WHAT IS NEEDED:
Output the data below line for line, exactly, up to and including the line where "2. Real analysis: if" appears.

DATASET EXTRACT:
(* If $\nu>-1$ and $a,b\in[0,j_{\nu+1,1}]$, then $$|\mathcal{J}_\nu(a)-\mathcal{J}_\nu(b)|\ge |a-b|\sqrt{\mathcal{J}_\nu'(a)\,\mathcal{J}_\nu'(b)}.$$
   Context: For $\nu>-1$ define $\mathcal{J}_\nu:\mathbb{R}\to(-\infty,1]$ by $\mathcal{J}_\nu(x)=\sum_{n\ge0}\frac{(-1/4)^n}{(\nu+1)_n\, n!}x^{2n}$, equivalently $\mathcal{J}_\nu(x)=2^\nu\Gamma(\nu+1)x^{-\nu}J_\nu(x)$ for $x>0$, where $J_\nu$ is the Bessel function of the first kind and $(a)_n$ is the Pochhammer symbol. $j_{\mu,1}$ denotes the first positive zero of $J_\mu$. *)

From Stdlib Require Import Reals Lra ClassicalEpsilon Factorial.
Open Scope R_scope.

Fixpoint poch (a : R) (n : nat) : R :=
  match n with
  | O => 1
  | S k => poch a k * (a + INR k)
  end.

Definition calJ_coef (nu : R) (n : nat) : R :=
  (-1/4) ^ n / (poch (nu + 1) n * INR (Factorial.fact n)).

(* calJ_nu(x) = sum_{n>=0} (-1/4)^n / ((nu+1)_n n!) x^(2n),
   i.e. the value of the power series sum calJ_coef nu n * (x^2)^n
   (which converges for every real x when nu > -1). *)
Definition calJ (nu x : R) : R :=
  epsilon (inhabits 0) (fun l => Pser (calJ_coef nu) (x ^ 2) l).

Definition first_pos_zero (f : R -> R) (j : R) : Prop :=
  0 < j /\ f j = 0 /\ (forall x, 0 < x < j -> f x <> 0).

From Stdlib Require Import Reals Lra Psatz ClassicalEpsilon Factorial.
From Coquelicot Require Import Coquelicot.
Open Scope R_scope.

(* With mu = nu + 1 and P = calJ_mu one has calJ_nu' (x) = -x P(x) / (2 mu), so
   G = -2 mu calJ_nu is a primitive of psi(x) = x P(x), and the claim becomes
   |G(a) - G(b)| >= |a - b| sqrt(psi(a) psi(b)) on [0, j].

   1. Power series: calJ_nu is the entire series sum c_nu(n) (x^2)^n; termwise
      differentiation gives the derivative formula and the contiguous relation
      calJ_mu - calJ_(mu+1) + x^2/(4(mu+1)(mu+2)) calJ_(mu+2) = 0.
   2. Real analysis: if psi > 0 is log-concave on [a,b] and G' = psi, then
      G(b) - G(a) >= (b - a) sqrt(psi(a) psi(b)), by pairing t with a + b - t.
   3. ODE: for any P with P' = x g, g' = x h, P + (2mu+2) g + x^2 h = 0 and
      P(0) = 1, the energy P^2 + (2mu+2) P g + x^2 g^2 stays nonnegative, which
      makes x P(x) log-concave; P > 0 before its first zero j. *)

Lemma poch_pos (a : R) (n : nat) : 0 < a -> 0 < poch a n.
Proof.
  intro Ha; induction n as [|n IH]; simpl; [lra|].
  apply Rmult_lt_0_compat; [exact IH|]. pose proof (pos_INR n); lra.
Qed.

WRITTEN RESPONSE:
(* If $\nu>-1$ and $a,b\in[0,j_{\nu+1,1}]$, then $$|\mathcal{J}_\nu(a)-\mathcal{J}_\nu(b)|\ge |a-b|\sqrt{\mathcal{J}_\nu'(a)\,\mathcal{J}_\nu'(b)}.$$
   Context: For $\nu>-1$ define $\mathcal{J}_\nu:\mathbb{R}\to(-\infty,1]$ by $\mathcal{J}_\nu(x)=\sum_{n\ge0}\frac{(-1/4)^n}{(\nu+1)_n\, n!}x^{2n}$, equivalently $\mathcal{J}_\nu(x)=2^\nu\Gamma(\nu+1)x^{-\nu}J_\nu(x)$ for $x>0$, where $J_\nu$ is the Bessel function of the first kind and $(a)_n$ is the Pochhammer symbol. $j_{\mu,1}$ denotes the first positive zero of $J_\mu$. *)

From Stdlib Require Import Reals Lra ClassicalEpsilon Factorial.
Open Scope R_scope.

Fixpoint poch (a : R) (n : nat) : R :=
  match n with
  | O => 1
  | S k => poch a k * (a + INR k)
  end.

Definition calJ_coef (nu : R) (n : nat) : R :=
  (-1/4) ^ n / (poch (nu + 1) n * INR (Factorial.fact n)).

(* calJ_nu(x) = sum_{n>=0} (-1/4)^n / ((nu+1)_n n!) x^(2n),
   i.e. the value of the power series sum calJ_coef nu n * (x^2)^n
   (which converges for every real x when nu > -1). *)
Definition calJ (nu x : R) : R :=
  epsilon (inhabits 0) (fun l => Pser (calJ_coef nu) (x ^ 2) l).

Definition first_pos_zero (f : R -> R) (j : R) : Prop :=
  0 < j /\ f j = 0 /\ (forall x, 0 < x < j -> f x <> 0).

From Stdlib Require Import Reals Lra Psatz ClassicalEpsilon Factorial.
From Coquelicot Require Import Coquelicot.
Open Scope R_scope.

(* With mu = nu + 1 and P = calJ_mu one has calJ_nu' (x) = -x P(x) / (2 mu), so
   G = -2 mu calJ_nu is a primitive of psi(x) = x P(x), and the claim becomes
   |G(a) - G(b)| >= |a - b| sqrt(psi(a) psi(b)) on [0, j].

   1. Power series: calJ_nu is the entire series sum c_nu(n) (x^2)^n; termwise
      differentiation gives the derivative formula and the contiguous relation
      calJ_mu - calJ_(mu+1) + x^2/(4(mu+1)(mu+2)) calJ_(mu+2) = 0.
   2. Real analysis: if psi > 0 is log-concave on [a,b] and G' = psi, then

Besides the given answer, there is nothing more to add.